Know What?



This just in! A Kansas State researcher has discovered that if you compliment a woman about her appearance, she feels better about herself.

Ooh! And in other news, another researcher (also at Kansas State) has determined that familiar songs act as memory prompts. Amazingly, hearing a song from days gone by reminds you of a specific time or place. This must mean that:

1) Academics really are nerdy types that don't go out on dates very often.

2) Researchers really need to read more marketing how-to books, because advertising wonks discovered the benefits of music for memory association, oh, about 75 years ago.

3) The whole creationism vs. evolution debate in Kansas is already having an effect on the quality of research done there.

Okay, to be fair, Kansas universities aren't the only places producing questionable studies. The University of Durham recently made the headlines because researchers there announced that they'd discovered that sports teams dressed in red have a slight advantage over those that don't. I'd be willing to bet money that their next study will be: “The Effect of Scientific Research on Sports Wagering: Red Teams Get Shorter Odds.”

Personally, I'd like to see a study entitled: “How the Heck is This Sort of Research Getting Funding Anyway?” Or how about: “Why on Earth is This Stuff Being Published?”

Published research is supposed to be filtered by what's known as the “peer review” process. If you're an academic, you're supposed to do your work, write it up in a paper and submit it to a journal. There, a panel of your peers examines it, and either rejects it, suggests ways to improve it, or gives it the green light for publication. This little system works well except in the following situations:

1) If you're doing pioneering research, and there aren't enough other people in the field for you to actually have peers yet.

2) If your paper argues against a currently accepted theory, in which case you're liable to get your paper stamped “crackpot” as well as “rejected.”

3) If you have recently insulted, criticized, argued against, or accidentally cut off in traffic any of the people who end up on your review committee. In this case you're liable to get your paper stamped “mother dresses funny,” “crackpot,” “should have credentials revoked” as well as “rejected.”
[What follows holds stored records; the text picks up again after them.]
Lemma partial_prod_tail_ge z K :
  Cmod z <= / s -> odd_pochhammer s K <= Cmod (partial_prod z q K).
Proof.
  intros Cmod_z. induction K as [|K IHK].
  - simpl. rewrite Cmod_1. lra.
  - change (partial_prod z q (S K)) with (partial_prod z q K * (1 + z * cpow q (S K)))%C.
    change (odd_pochhammer s (S K)) with (odd_pochhammer s K * (1 - s ^ (2 * K + 1))).
    rewrite Cmod_mult.
    assert (term_le : Cmod (z * cpow q (S K)) <= s ^ (2 * K + 1)).
    { rewrite Cmod_mult, Cmod_cpow, Cmod_q, <- pow_mult.
      replace (s ^ (2 * K + 1)) with (/ s * s ^ (2 * S K))
        by (replace (2 * S K)%nat with (S (2 * K + 1)) by lia; simpl; field; lra).
      apply Rmult_le_compat_r; [apply pow_le; lra | exact Cmod_z]. }
    destruct (Cmod_one_plus_ge (z * cpow q (S K))) as [_ factor_ge].
    pose proof (odd_factor_bounds K).
    apply Rmult_le_compat; [apply odd_pochhammer_nonneg | lra | exact IHK | lra].
Qed.

Lemma partial_prod_head_ge n : forall z,
  Cmod z = / s ^ (2 * n + 1) -> / s ^ (n * n) * odd_pochhammer s n <= Cmod (partial_prod z q n).
Proof.
  induction n as [|n IHn]; intros z Cmod_z.
  - simpl. rewrite Cmod_1. lra.
  - change (partial_prod z q (S n)) with (partial_prod z q (1 + n)).
    rewrite partial_prod_add, Cmod_mult.
    assert (shifted : Cmod (z * cpow q 1) = / s ^ (2 * n + 1)).
    { rewrite Cmod_mult, Cmod_cpow, Cmod_z, Cmod_q, pow_1.
      replace (2 * S n + 1)%nat with (2 * n + 1 + 2)%nat by lia. rewrite pow_add. field.
      split; [apply pow_nonzero|]; lra. }
    assert (first_ge : / s ^ (2 * n + 1) * (1 - s ^ (2 * n + 1)) <= Cmod (partial_prod z q 1)).
    { destruct (Cmod_one_plus_ge (z * cpow q 1)) as [factor_ge _].
      change (partial_prod z q 1) with (1 * (1 + z * cpow q 1))%C.
      rewrite Cmult_1_l. rewrite shifted in factor_ge.
      replace (/ s ^ (2 * n + 1) * (1 - s ^ (2 * n + 1))) with (/ s ^ (2 * n + 1) - 1); [lra|].
      field. apply pow_nonzero; lra. }
    replace (/ s ^ (S n * S n) * odd_pochhammer s (S n))
      with (/ s ^ (2 * n + 1) * (1 - s ^ (2 * n + 1)) * (/ s ^ (n * n) * odd_pochhammer s n)).
    2: { replace (S n * S n)%nat with (2 * n + 1 + n * n)%nat by lia.
         change (odd_pochhammer s (S n)) with (odd_pochhammer s n * (1 - s ^ (2 * n + 1))).
         rewrite (pow_add s (2 * n + 1) (n * n)). field. split; apply pow_nonzero; lra. }
    pose proof (odd_factor_bounds n).
    assert (0 < / s ^ (2 * n + 1)) by (apply Rinv_0_lt_compat, pow_lt; lra).
    assert (0 < / s ^ (n * n)) by (apply Rinv_0_lt_compat, pow_lt; lra).
    apply Rmult_le_compat; [nra | apply Rmult_le_pos; [lra | apply odd_pochhammer_nonneg] | exact first_ge |].
    apply IHn, shifted.
Qed.

Lemma partial_prod_ge z n K : Cmod z = / s ^ (2 * n + 1) ->
  / s ^ (n * n) * odd_pochhammer s n * odd_pochhammer s K <= Cmod (partial_prod z q (n + K)).
Proof.
  intros Cmod_z. rewrite partial_prod_add, Cmod_mult.
  assert (0 < / s ^ (n * n)) by (apply Rinv_0_lt_compat, pow_lt; lra).
  apply Rmult_le_compat;
    [apply Rmult_le_pos; [lra | apply odd_pochhammer_nonneg] | apply odd_pochhammer_nonneg
    | apply partial_prod_head_ge, Cmod_z |].
  apply partial_prod_tail_ge. rewrite Cmod_mult, Cmod_cpow, Cmod_z, Cmod_q, <- pow_mult.
  replace (2 * n + 1)%nat with (S (2 * n)) by lia. simpl. right. field. split; [lra | apply pow_nonzero; lra].
Qed.

End PartialProductBounds.

Lemma is_inf_prod_Cmod_ge_of_partial_prod z q U c n :
  is_inf_prod z q U -> (forall K, c <= Cmod (partial_prod z q (n + K))) -> c <= Cmod U.
Proof.
  intros HU bound.
  assert (lim : is_lim_seq (fun N => Cmod (partial_prod z q N)) (Cmod U)).
  { eapply filterlim_comp; [exact HU | apply (filterlim_norm (K := C_AbsRing) (V := C_NormedModule))]. }
  apply (is_lim_seq_incr_n _ n) in lim.
  assert (le : forall K, c <= Cmod (partial_prod z q (K + n))) by (intros K; rewrite Nat.add_comm; apply bound).
  exact (is_lim_seq_le _ _ _ _ le (is_lim_seq_const c) lim).
Qed.

Lemma is_inf_prod_Cmod_ge q z U s n c : 0 < s < 1 -> Cmod q = s ^ 2 -> Cmod z = / s ^ (2 * n + 1) ->
  PI ^ 2 / 6 * (s / (1 - s ^ 2)) <= c -> is_inf_prod z q U ->
  / s ^ (n * n) * exp (- c) * exp (- c) <= Cmod U.
Proof.
  intros s_bounds Cmod_q Cmod_z rate_le HU.
  assert (pochhammer_ge : forall K, exp (- c) <= odd_pochhammer s K).
  { intros K. eapply Rle_trans; [apply exp_le_exp_of_le, Ropp_le_contravar, rate_le|].
    apply odd_pochhammer_ge, s_bounds. }
  apply (is_inf_prod_Cmod_ge_of_partial_prod z q U _ n HU). intros K.
  eapply Rle_trans; [|apply (partial_prod_ge q s s_bounds Cmod_q z n K Cmod_z)].
  assert (0 < / s ^ (n * n)) by (apply Rinv_0_lt_compat, pow_lt; lra).
  pose proof (exp_pos (- c)).
  apply Rmult_le_compat; [nra | lra | apply Rmult_le_compat_l; [lra | apply pochhammer_ge] | apply pochhammer_ge].
Qed.

Lemma Rpower_neg_half r k : 0 < r -> Rpower r (- INR k / 2) = / sqrt r ^ k.
Proof.
  intros r_pos.
  replace (- INR k / 2) with (- (/ 2 * INR k)) by field.
  rewrite Rpower_Ropp, <- Rpower_mult, Rpower_sqrt, Rpower_pow by (try apply sqrt_lt_R0; assumption).
  reflexivity.
Qed.

Lemma sqrt_div_one_minus_le r a : 1 < a -> 0 <= r <= 1 - 1 / a ->
  sqrt r / (1 - r) <= sqrt (a * (a - 1)).
Proof.
  intros a_gt1 r_bounds.
  assert (w_ge : 0 <= a * (1 - r) - 1).
  { apply (Rmult_le_reg_r (/ a)); [apply Rinv_0_lt_compat; lra|].
    replace ((a * (1 - r) - 1) * / a) with (1 - r - 1 / a) by (field; lra). lra. }
  assert (w_pos : 0 < 1 - r) by nra.
  apply Rsqr_incr_0_var; [|apply sqrt_pos].
  rewrite Rsqr_div', Rsqr_sqrt, Rsqr_sqrt by nra.
  apply (Rmult_le_reg_r (Rsqr (1 - r))); [unfold Rsqr; nra|].
  unfold Rdiv. rewrite Rmult_assoc, Rinv_l by (unfold Rsqr; nra). unfold Rsqr.
  (* [a (a - 1) w^2 - (1 - w) = (a w - 1) ((a - 1) w + 1)] with [w = 1 - r] *)
  assert (0 <= (a * (1 - r) - 1) * ((a - 1) * (1 - r) + 1)) by (apply Rmult_le_pos; nra).
  nra.
Qed.

Theorem lemma3 (alpha : R) (n : nat) (q z U : C)
  (Halpha : 0 < alpha) (Hn : (1 <= n)%nat) (Han : alpha * INR n > 1)
  (Hq0 : 0 < Cmod q) (Hq1 : Cmod q <= 1 - 1 / (alpha * INR n))
  (Hz : Cmod z = Rpower (Cmod q) (- INR n - 1 / 2))
  (HU : is_inf_prod z q U) :
  Cmod U >= Rpower (Cmod q) (- (INR n ^ 2) / 2)
            * exp (- (PI ^ 2 / 3) * sqrt (alpha * INR n * (alpha * INR n - 1))).
Proof.
  set (r := Cmod q) in *. set (a := alpha * INR n) in *. set (s := sqrt r).
  assert (s_bounds : 0 < s < 1).
  { assert (0 < 1 / a) by (apply Rdiv_lt_0_compat; lra).
    split; [apply sqrt_lt_R0 | rewrite <- sqrt_1; apply sqrt_lt_1_alt]; lra. }
  assert (Cmod_q : Cmod q = s ^ 2) by (symmetry; apply pow2_sqrt, Rlt_le, Hq0).
  assert (Cmod_z : Cmod z = / s ^ (2 * n + 1)).
  { rewrite Hz. unfold s. rewrite <- Rpower_neg_half by lra. f_equal. rewrite plus_INR, mult_INR. simpl. field. }
  replace (Rpower r (- (INR n ^ 2) / 2)) with (/ s ^ (n * n))
    by (unfold s; rewrite <- Rpower_neg_half, mult_INR by lra; f_equal; simpl; field).
  replace (- (PI ^ 2 / 3) * sqrt (a * (a - 1)))
    with (- (PI ^ 2 / 6 * sqrt (a * (a - 1))) + - (PI ^ 2 / 6 * sqrt (a * (a - 1)))) by field.
  rewrite exp_plus, <- Rmult_assoc. apply Rle_ge, (is_inf_prod_Cmod_ge q z U s n); auto.
  apply Rmult_le_compat_l; [pose proof (pow2_ge_0 PI); lra|].
  rewrite <- Cmod_q. apply sqrt_div_one_minus_le; [exact Han | split; [apply Cmod_ge_0 | exact Hq1]].
Qed.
With this kind of process in place, how are some of these studies being published? It may be that there are just too many people submitting too many papers. I once dated a mathematician who admitted that he wrote (and had published) the same paper several times over: He'd run a math experiment with one set of numbers, and publish the results. Then he'd change the input numbers slightly, run the experiment again and publish the results. Which just goes to show: Academics do go out on dates from time to time.

No, wait, what it really points out is that perhaps journal reviewers are overwhelmed, and aren't reading papers as closely as they could be. We know this to be the case on at least two occasions.

Alan Sokal submitted a rubbish piece to Social Text a few years ago, had it accepted, and then revealed his hoax in another journal.

More recently, some computer science jokers wrote a program that generates complete papers for you. The authors of the program submitted a generated paper to a conference — and had it accepted.

All of which leads me to ask three more questions:

1) How many other nonsense papers are getting published that really shouldn't be?

2) Is knowledge really doubling every five years, like the pundits say? (Not really, if the Kansas State studies are any indicator of what's being touted as “knowledge.”)

3) How cool is it that I wrote, in less than five seconds, with my eyes closed, a 1,500 word paper called “A Synthesis of Forward-Error Correction Using Mir”?

3b) Where can I get one of these autogenerator thingies for humor columns?